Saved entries

Lemma word_add_msb m x y z :
  word m.+1 ((x + 2 ^ m %% 2 ^ m.+1) %% 2 ^ m.+1) ((y + 2 ^ m %% 2 ^ m.+1) %% 2 ^ m.+1) z =
  Amat (xor8 (letter (bit m x) (bit m y) (bit m z)) (inord 6)) *m word m x y z.
Proof.
rewrite /word word_ofS (bit_add_msb x (leqnn m)) (bit_add_msb y (leqnn m)) eqxx.
rewrite -letterNab; congr (_ *m _); apply: eq_word_of => k lt_km.
by rewrite (bit_add_msb x (ltnW lt_km)) (bit_add_msb y (ltnW lt_km)) (ltn_eqF lt_km).
Qed.

Lemma cadpE n c (al be ga : 'I_(2 ^ n)) :
  cadp c al be ga = (Lc c *m (word n al be ga *m e0T)) 0 0.
Proof. by rewrite /cadp mulmxA. Qed.

Lemma padpE n a b (al be ga : 'I_(2 ^ n)) :
  padp a b al be ga = (Lab a b *m (word n al be ga *m e0T)) 0 0.
Proof. by rewrite /padp mulmxA. Qed.

Lemma cadpC n c (al be ga : 'I_(2 ^ n)) : cadp c be al ga = cadp c al be ga.
Proof. by rewrite !cadpE word_swap -!mulmxA swap_mx_e0 !mulmxA Lc_swap. Qed.

Lemma cadp_add_msb n c (al be ga : 'I_(2 ^ n)) :
  cadp c (zadd al (zmod n (2 ^ n.-1))) (zadd be (zmod n (2 ^ n.-1))) ga = cadp c al be ga.
Proof.
rewrite !cadpE; case: n al be ga => [|m] al be ga; first by rewrite /word !word_of0.
by rewrite word_add_msb /word word_ofS !mulmxA Lc_Amat_xor6.
Qed.

Lemma cadpNa n c (al be ga : 'I_(2 ^ n)) : cadp c (zopp al) be ga = cadp c al be ga.
Proof.
have [->|al_neq0] := eqVneq al (zero n); first by rewrite zopp_zero.
by rewrite !cadpE word_zopp_alpha // mulmxA Lc_flip_alpha.
Qed.

Lemma cadpNb n c (al be ga : 'I_(2 ^ n)) : cadp c al (zopp be) ga = cadp c al be ga.
Proof.
have [->|be_neq0] := eqVneq be (zero n); first by rewrite zopp_zero.
by rewrite !cadpE word_zopp_beta // mulmxA Lc_flip_beta.
Qed.

Lemma cadpNg n c (al be ga : 'I_(2 ^ n)) : ga != zero n ->
  cadp (~~ c) al be (zopp ga) = cadp c al be ga.
Proof. by move=> ga_neq0; rewrite !cadpE word_zopp_gamma // mulmxA Lc_flip_gamma negbK. Qed.

Lemma padpNa n a b (al be ga : 'I_(2 ^ n)) : al != zero n ->
  padp a b (zopp al) be ga = padp (~~ a) b al be ga.
Proof. by move=> al_neq0; rewrite !padpE word_zopp_alpha // mulmxA Lab_flip_alpha. Qed.

Lemma padpNb n a b (al be ga : 'I_(2 ^ n)) : be != zero n ->
  padp a b al (zopp be) ga = padp a (~~ b) al be ga.
Proof. by move=> be_neq0; rewrite !padpE word_zopp_beta // mulmxA Lab_flip_beta. Qed.

Lemma padpNg n a b (al be ga : 'I_(2 ^ n)) : padp a b al be (zopp ga) = padp a b al be ga.
Proof.
have [->|ga_neq0] := eqVneq ga (zero n); first by rewrite zopp_zero.
by rewrite !padpE word_zopp_gamma // mulmxA Lab_flip_gamma.
Qed.

Lemma padp_alpha0 n b (be ga : 'I_(2 ^ n)) : padp true b (zero n) be ga = 0.
Proof. by rewrite padpE -word_clear_alpha mulmxA Lab_clear_alpha mul0mx mxE. Qed.

Lemma padp_beta0 n a (al ga : 'I_(2 ^ n)) : padp a true al (zero n) ga = 0.
Proof. by rewrite padpE -word_clear_beta mulmxA Lab_clear_beta mul0mx mxE. Qed.

Lemma cadp_gamma0 n (al be : 'I_(2 ^ n)) : cadp true al be (zero n) = 0.
Proof. by rewrite cadpE -word_clear_gamma mulmxA Lc_clear_gamma mul0mx mxE. Qed.

Theorem theorem4 (n : nat) (al be ga : 'I_(2 ^ n)) (a b c : bool) :
  (* (1) *)
  (cadp c al be ga = cadp c be al ga /\
   cadp c be al ga =
     cadp c (zadd al (zmod n (2 ^ n.-1))) (zadd be (zmod n (2 ^ n.-1))) ga) /\
  (* (2) *)
  (cadp c al be ga = cadp c (zopp al) be ga /\
   cadp c (zopp al) be ga = cadp c al (zopp be) ga) /\
  (* (3) *)
  (ga != zero n -> cadp c al be ga = cadp (~~ c) al be (zopp ga)) /\
  (* (4) *)
  padp a b al be ga = padp a b al be (zopp ga) /\
  (* (5) *)
  (al != zero n -> padp a b (zopp al) be ga = padp (~~ a) b al be ga) /\
  (* (6) *)
  (be != zero n -> padp a b al (zopp be) ga = padp a (~~ b) al be ga) /\
  (* (7) *)
  (padp true b (zero n) be ga = padp a true al (zero n) ga /\
   padp a true al (zero n) ga = cadp true al be (zero n) /\
   cadp true al be (zero n) = 0).
Proof.
split; first by rewrite cadp_add_msb cadpC.
split; first by rewrite cadpNa cadpNb.
split; first by move=> ga_neq0; rewrite cadpNg.
split; first by rewrite padpNg.
split; first exact: padpNa.
split; first exact: padpNb.
by rewrite padp_alpha0 padp_beta0 cadp_gamma0.
Qed.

● Task statement
Whatever the number of entries above, each one is to be copied exactly.

● Expected answer
Lemma word_add_msb m x y z :
  word m.+1 ((x + 2 ^ m %% 2 ^ m.+1) %% 2 ^ m.+1) ((y + 2 ^ m %% 2 ^ m.+1) %% 2 ^ m.+1) z =
  Amat (xor8 (letter (bit m x) (bit m y) (bit m z)) (inord 6)) *m word m x y z.
Proof.
rewrite /word word_ofS (bit_add_msb x (leqnn m)) (bit_add_msb y (leqnn m)) eqxx.
rewrite -letterNab; congr (_ *m _); apply: eq_word_of => k lt_km.
by rewrite (bit_add_msb x (ltnW lt_km)) (bit_add_msb y (ltnW lt_km)) (ltn_eqF lt_km).
Qed.

Lemma cadpE n c (al be ga : 'I_(2 ^ n)) :
  cadp c al be ga = (Lc c *m (word n al be ga *m e0T)) 0 0.
Proof. by rewrite /cadp mulmxA. Qed.

Lemma padpE n a b (al be ga : 'I_(2 ^ n)) :
  padp a b al be ga = (Lab a b *m (word n al be ga *m e0T)) 0 0.
Proof. by rewrite /padp mulmxA. Qed.

Lemma cadpC n c (al be ga : 'I_(2 ^ n)) : cadp c be al ga = cadp c al be ga.
Proof. by rewrite !cadpE word_swap -!mulmxA swap_mx_e0 !mulmxA Lc_swap. Qed.

Lemma cadp_add_msb n c (al be ga : 'I_(2 ^ n)) :
  cadp c (zadd al (zmod n (2 ^ n.-1))) (zadd be (zmod n (2 ^ n.-1))) ga = cadp c al be ga.
Proof.
rewrite !cadpE; case: n al be ga => [|m] al be ga; first by rewrite /word !word_of0.
by rewrite word_add_msb /word word_ofS !mulmxA Lc_Amat_xor6.
Qed.

Lemma cadpNa n c (al be ga : 'I_(2 ^ n)) : cadp c (zopp al) be ga = cadp c al be ga.
Proof.
have [->|al_neq0] := eqVneq al (zero n); first by rewrite zopp_zero.
by rewrite !cadpE word_zopp_alpha // mulmxA Lc_flip_alpha.
Qed.

Lemma cadpNb n c (al be ga : 'I_(2 ^ n)) : cadp c al (zopp be) ga = cadp c al be ga.
Proof.
have [->|be_neq0] := eqVneq be (zero n); first by rewrite zopp_zero.
by rewrite !cadpE word_zopp_beta // mulmxA Lc_flip_beta.
Qed.

Lemma cadpNg n c (al be ga : 'I_(2 ^ n)) : ga != zero n ->
  cadp (~~ c) al be (zopp ga) = cadp c al be ga.
Proof. by move=> ga_neq0; rewrite !cadpE word_zopp_gamma // mulmxA Lc_flip_gamma negbK. Qed.

Lemma padpNa n a b (al be ga : 'I_(2 ^ n)) : al != zero n ->
  padp a b (zopp al) be ga = padp (~~ a) b al be ga.
Proof. by move=> al_neq0; rewrite !padpE word_zopp_alpha // mulmxA Lab_flip_alpha. Qed.

Lemma padpNb n a b (al be ga : 'I_(2 ^ n)) : be != zero n ->
  padp a b al (zopp be) ga = padp a (~~ b) al be ga.
Proof. by move=> be_neq0; rewrite !padpE word_zopp_beta // mulmxA Lab_flip_beta. Qed.

Lemma padpNg n a b (al be ga : 'I_(2 ^ n)) : padp a b al be (zopp ga) = padp a b al be ga.
Proof.
have [->|ga_neq0] := eqVneq ga (zero n); first by rewrite zopp_zero.
by rewrite !padpE word_zopp_gamma // mulmxA Lab_flip_gamma.
Qed.

Lemma padp_alpha0 n b (be ga : 'I_(2 ^ n)) : padp true b (zero n) be ga = 0.
Proof. by rewrite padpE -word_clear_alpha mulmxA Lab_clear_alpha mul0mx mxE. Qed.

Lemma padp_beta0 n a (al ga : 'I_(2 ^ n)) : padp a true al (zero n) ga = 0.
Proof. by rewrite padpE -word_clear_beta mulmxA Lab_clear_beta mul0mx mxE. Qed.

Lemma cadp_gamma0 n (al be : 'I_(2 ^ n)) : cadp true al be (zero n) = 0.
Proof. by rewrite cadpE -word_clear_gamma mulmxA Lc_clear_gamma mul0mx mxE. Qed.

Theorem theorem4 (n : nat) (al be ga : 'I_(2 ^ n)) (a b c : bool) :
  (* (1) *)
  (cadp c al be ga = cadp c be al ga /\
   cadp c be al ga =
     cadp c (zadd al (zmod n (2 ^ n.-1))) (zadd be (zmod n (2 ^ n.-1))) ga) /\
  (* (2) *)
  (cadp c al be ga = cadp c (zopp al) be ga /\
   cadp c (zopp al) be ga = cadp c al (zopp be) ga) /\
  (* (3) *)
  (ga != zero n -> cadp c al be ga = cadp (~~ c) al be (zopp ga)) /\
  (* (4) *)
  padp a b al be ga = padp a b al be (zopp ga) /\
  (* (5) *)
  (al != zero n -> padp a b (zopp al) be ga = padp (~~ a) b al be ga) /\
  (* (6) *)
  (be != zero n -> padp a b al (zopp be) ga = padp a (~~ b) al be ga) /\
  (* (7) *)
  (padp true b (zero n) be ga = padp a true al (zero n) ga /\
   padp a true al (zero n) ga = cadp true al be (zero n) /\
   cadp true al be (zero n) = 0).
Proof.
split; first by rewrite cadp_add_msb cadpC.
split; first by rewrite cadpNa cadpNb.
split; first by move=> ga_neq0; rewrite cadpNg.
split; first by rewrite padpNg.
split; first exact: padpNa.
split; first exact: padpNb.
by rewrite padp_alpha0 padp_beta0 cadp_gamma0.
Qed.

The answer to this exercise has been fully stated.